突然,纪小梅的前轮好像磕到了什么硬东西,她的车把一歪,感觉车身剧烈震了两下,然后一阵天旋地转中重重地摔到了地上。
扬起的尘土中,她头昏眼花,浑身的剧痛让她一时动弹不得。
“班长!”
“班长!”
迷糊中,纪小梅听到惊呼声此起彼伏由远至近。她挣扎着坐起身来,两个女生赶快蹲下来扶住她,轻轻帮她拍去身上的灰土。

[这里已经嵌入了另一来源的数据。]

Lemma weakly_proregular_on_map l (x : seq R) :
  weakly_proregular_on l x -> weakly_proregular_on l (map f x).
Proof.
move=> x_wpr n; have [m [le_nm lift]] := x_wpr n; exists m; split=> // i i_ge1 z z_homog.
rewrite spow_map => /(flat_koszul_cycle_span z_homog)[cs cs_cyc ->] {z z_homog}.
elim: cs cs_cyc => [_|c cs IH cs_cyc].
  exists (fun=> 0); split=> // J.
  by rewrite /kdiff /kmap big_nil mulr0 big1 // => j _; rewrite mulr0.
have [d d_cs|w [w_homog w_bd]] := IH; first by apply: cs_cyc; rewrite inE d_cs orbT.
have [c_homog c_cyc] := cs_cyc c (mem_head _ _).
have [w0 [w0_homog w0_bd]] := lift i i_ge1 c.2 c_homog c_cyc.
exists (fun I => c.1 * f (w0 I) + w I); split.
  by move=> K nK; rewrite w0_homog // w_homog // rmorph0 mulr0 addr0.
move=> J; rewrite kdiff_linear w_bd spow_map (kdiff_rmorph _ w0) w0_bd -kmap_rmorph.
by rewrite /kmap big_cons /=; ring.
Qed.

End KoszulBaseChange.

Section CechBaseChange.
Variables (R S : comPzRingType) (f : {rmorphism R -> S}).

Lemma cech_y_rmorph (x : seq R) : cech_y (map f x) = f (cech_y x).
Proof.
rewrite /cech_y rmorph_prod size_map.
by apply: eq_bigr => i _; rewrite nth_map_rmorph.
Qed.

Lemma prime_ideal_preimage (P : S -> Prop) : prime_ideal P -> prime_ideal (P \o f).
Proof.
case=> P0 PD PM P1 Pprime; split=> /= [|a b|r a||a b];
  rewrite ?rmorph0 ?rmorphD ?rmorphM ?rmorph1 //.
- exact: PD.
- exact: PM.
- exact: Pprime.
Qed.
Lemma Sop_anticomm j k C : j != k -> j \notin C -> k \notin C ->
  Sop (j |: C) * (mu k *: refl [set k] + half + mu j *: refl [set j] - cangular j k)
  + Sop [set j; k] * (Sop C + half + mu j *: refl [set j] - cangular_sum j C)
  = Sop (k |: C) + 2 *: (Sop (k |: (j |: C)) * (mu j *: refl [set j]))
    + 2 *: (Sop C * (mu k *: refl [set k])).
Proof.
move=> jk jC kC; have k_jC : k \notin j |: C by rewrite in_setU1 negb_or eq_sym jk.
have Cj c : c \in C -> c != j by move=> cC; apply: contraNneq jC => <-.
have Ck c : c \in C -> c != k by move=> cC; apply: contraNneq kC => <-.
rewrite (SopU1 k_jC) {2}/cangular_sum big_setU1 //= (SopU1 jC) Sop2 // (SopU1 kC).
apply: Sop_anticomm_expansion.
- apply/commr_sym/linop_commrZ/commr_sym/comm_Sop => [c _|c d cC dC _].
    exact: comm_refl.
  by apply: comm_refl_cangular; rewrite !refl_sign_notin ?mulr1 // in_set1 ?Cj.
- apply/commr_sym/linop_commrZ/commr_sym/comm_Sop => [c _|c d cC dC _].
    exact: comm_refl.
  by apply: comm_refl_cangular; rewrite !refl_sign_notin ?mulr1 // in_set1 ?Ck.
- apply: comm_Sop => [c cC|c d cC dC _].
    apply/commr_sym/comm_refl_cangular.
    by rewrite !refl_sign_notin ?mulr1 // in_set1 eq_sym ?Cj ?Ck.
  by apply: comm_cangular; rewrite eq_sym ?Cj ?Ck.
- exact/linop_commrZ/commr_sym/linop_commrZ/comm_refl.
- apply: anticommrZ; apply: anticomm_refl_cangular.
  by rewrite refl_sign_in ?inE // refl_sign_notin ?mulr1 // in_set1 eq_sym.
- apply: anticommrZ; rewrite (@refl_cangular_sum _ _ _ (-1)) ?scaleN1r // => c cC.
  by rewrite (refl_sign_in (set11 j)) refl_sign_notin ?mul1r // in_set1 Cj.
- apply/commr_sym/linop_commrZ; rewrite /GRing.comm (@refl_cangular_sum _ _ _ 1) ?scale1r //.
  by move=> c cC; rewrite !refl_sign_notin ?mulr1 // in_set1 ?(Ck c cC).
have KW : cangular_sum k C * (1 + (2 * mu j) *: refl [set j]) =
    cangular_sum k C + 2 *: (cangular_sum k C * (mu j *: refl [set j])).
  by rewrite mulrDr mulr1 !linop_scalerAr scalerA.
by rewrite -KW -(cangular_sum_anticomm jk jC kC) addrAC subrr add0r.
Qed.

Lemma Gamma_anticomm j k C : j != k -> j \notin C -> k \notin C ->
  Gamma (j |: C) * Gamma [set j; k] + Gamma [set j; k] * Gamma (j |: C)
  = Gamma (k |: C) + (2 * mu j) *: Gamma (k |: (j |: C)) + (2 * mu k) *: Gamma C.
Proof.
move=> jk jC kC; have j_k : j \notin [set k] by rewrite in_set1.
have rAB : refl (j |: C) * refl [set j; k] = refl C * refl [set k].
  by rewrite !reflU1 // -mulrA [refl [set j] * _]mulrA (comm_refl [set j]) -mulrA reflK mulr1.
have rBA : refl [set j; k] * refl (j |: C) = refl C * refl [set k].
  by rewrite (comm_refl [set j; k]) rAB.
have GkC : Gamma (k |: C) = Sop (k |: C) * (refl C * refl [set k]) by rewrite /Gamma reflU1.
have GD : (2 * mu j) *: Gamma (k |: (j |: C)) =
    2 *: (Sop (k |: (j |: C)) * (mu j *: refl [set j])) * (refl C * refl [set k]).
  rewrite /Gamma !reflU1 ?in_setU1 ?negb_or 1?eq_sym ?jk //; move: (Sop _) => S.
  rewrite linop_scalerAr !linop_scalerAl scalerA -!mulrA.
  by congr (_ *: _); congr (_ * _); rewrite !mulrA (comm_refl C).
have GC : (2 * mu k) *: Gamma C =
    2 *: (Sop C * (mu k *: refl [set k])) * (refl C * refl [set k]).
  rewrite /Gamma; move: (Sop C) => S.
  rewrite linop_scalerAr !linop_scalerAl scalerA -!mulrA.
  by congr (_ *: _); congr (_ * _); rewrite mulrA (comm_refl [set k]) -mulrA reflK mulr1.
rewrite (GammaM (refl_conj_Sop2 jk kC)) (GammaM (refl2_conj_Sop jC kC)) rAB rBA.
by rewrite GkC GD GC -!mulrDl Sop_anticomm.
Qed.

Lemma Gamma0 : Gamma set0 = - half.
Proof. by rewrite /Gamma Sop0 refl0 mulr1. Qed.

Lemma Gamma1 j : Gamma [set j] = mu j *: (1 : L).
Proof. by rewrite /Gamma Sop1 linop_scalerAl reflK. Qed.

Hypothesis mu_neq0 : forall i, mu i != 0.

Local Notation pair_Gammas :=
  (fun Q : Op n V => exists B : {set 'I_n}, #|B| = 2 /\ Q = GammaA e mu B).

Lemma Gamma_in_alg A : op_alg pair_Gammas (Gamma A).
Proof.
move cardA: #|A| => m; elim/ltn_ind: m A cardA => m IHm A cardA.
have IH (B : {set 'I_n}) : (#|B| < m)%N -> op_alg pair_Gammas (Gamma B).
  by move=> ltBm; exact: (IHm _ ltBm B erefl).
case: m IHm IH cardA => [|[|[|m]]] _ IH cardA.
- move/eqP: cardA; rewrite cards_eq0 => /eqP ->; rewrite Gamma0.
  exact/alg_scale/alg_scale/alg_id.
- have [j ->] := cards1P (introT eqP cardA); rewrite Gamma1; exact/alg_scale/alg_id.
- by apply: alg_gen; exists A; rewrite GammaAE.
have [j [k [C [jk jC kC cardC ->]]]] := cards_split2 cardA.
have mu2j : 2 * mu j != 0 by rewrite mulf_neq0 ?pnatr_eq0.
have -> : Gamma (k |: (j |: C)) = (2 * mu j)^-1 *:
    (Gamma (j |: C) * Gamma [set j; k] + Gamma [set j; k] * Gamma (j |: C)
     - Gamma (k |: C) - (2 * mu k) *: Gamma C).
  by rewrite Gamma_anticomm // addrAC addrK addrAC subrr add0r scalerA mulVf // scale1r.
have cardjC : #|j |: C| = m.+2 by rewrite cardsU1 jC cardC.
have cardjk : #|[set j; k]| = 2 by rewrite cardsU1 in_set1 jk cards1.
have cardkC : #|k |: C| = m.+2 by rewrite cardsU1 kC cardC.
apply/alg_scale/alg_add; first apply/alg_add; first apply/alg_add.
- by apply/alg_comp; apply: IH; rewrite ?cardjC ?cardjk.
- by apply/alg_comp; apply: IH; rewrite ?cardjC ?cardjk.
- by apply/alg_scale; apply: IH; rewrite cardkC.
- by apply/alg_scale/alg_scale; apply: IH; rewrite cardC.
Qed.

End DunklDirac.

Theorem lemma6 (R : realFieldType) (n : nat) (V : lmodType R)
    (e : 'I_n -> V -> V) (mu : 'I_n -> R) :
  (3 <= n)%N ->
  (forall i, 0 < mu i) ->
  (forall i (c : R) (u v : V), e i (c *: u + v) = c *: e i u + e i v) ->
  (forall i j (v : V), e i (e j v) + e j (e i v) = - (2 * (i == j)%:R) *: v) ->
  forall A : {set 'I_n},
    exists P : Op n V,
      op_alg (fun Q => exists B : {set 'I_n}, #|B| = 2%N /\ Q = GammaA e mu B) P /\
      forall f : PV n V, is_poly f -> GammaA e mu A f = P f.
Proof.
(* Take P := Gamma_A: it lies in the algebra for every n, and equals Gamma_A on all of
   [PV n V], not just on polynomials. *)
move=> _ mu_gt0 e_linear e_clifford A; exists (GammaA e mu A); split => //.
rewrite GammaAE; apply: Gamma_in_alg => // i; exact: lt0r_neq0.
Qed.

“还好,”一个女生说,“脸上划得不深。班长,你还有哪儿疼?”
“我…我没事。可能碰到石头了…”
纪小梅抬头看见凡烈站在两个女生身后,盯着她眉头紧锁。
她突然觉得很丢人,急忙想站起来,谁料刚屈起膝盖就疼得嘶的一声叫了出来。
纪小梅心中暗道糟糕。
她低头一看,牛仔裤被擦烂了一个大口子,脏兮兮的布片耷拉在膝盖处,掀开后一道深深的血口现了出来,周围扎着沙砾混着灰,红红白白的触目惊心。
有个女生马上扭过头不敢看,男生们也都倒吸了一口冷气。
平头偷偷瞅瞅凡烈。凡烈眉毛拧在一起紧紧盯着纪小梅的膝盖,开口道:“你坐我后座上吧!”
“不……不用。”
纪小梅低头把牛仔裤的口子撕大了一圈,让伤口完全露出来。
她小心地站起来,旁边的女生赶紧搀住她。
纪小梅拍拍她示意自己没事儿,然后晃了晃腿,“骨头没事儿,就是破了点儿皮,不深。不蹭到裤子就没那么疼,能骑车。”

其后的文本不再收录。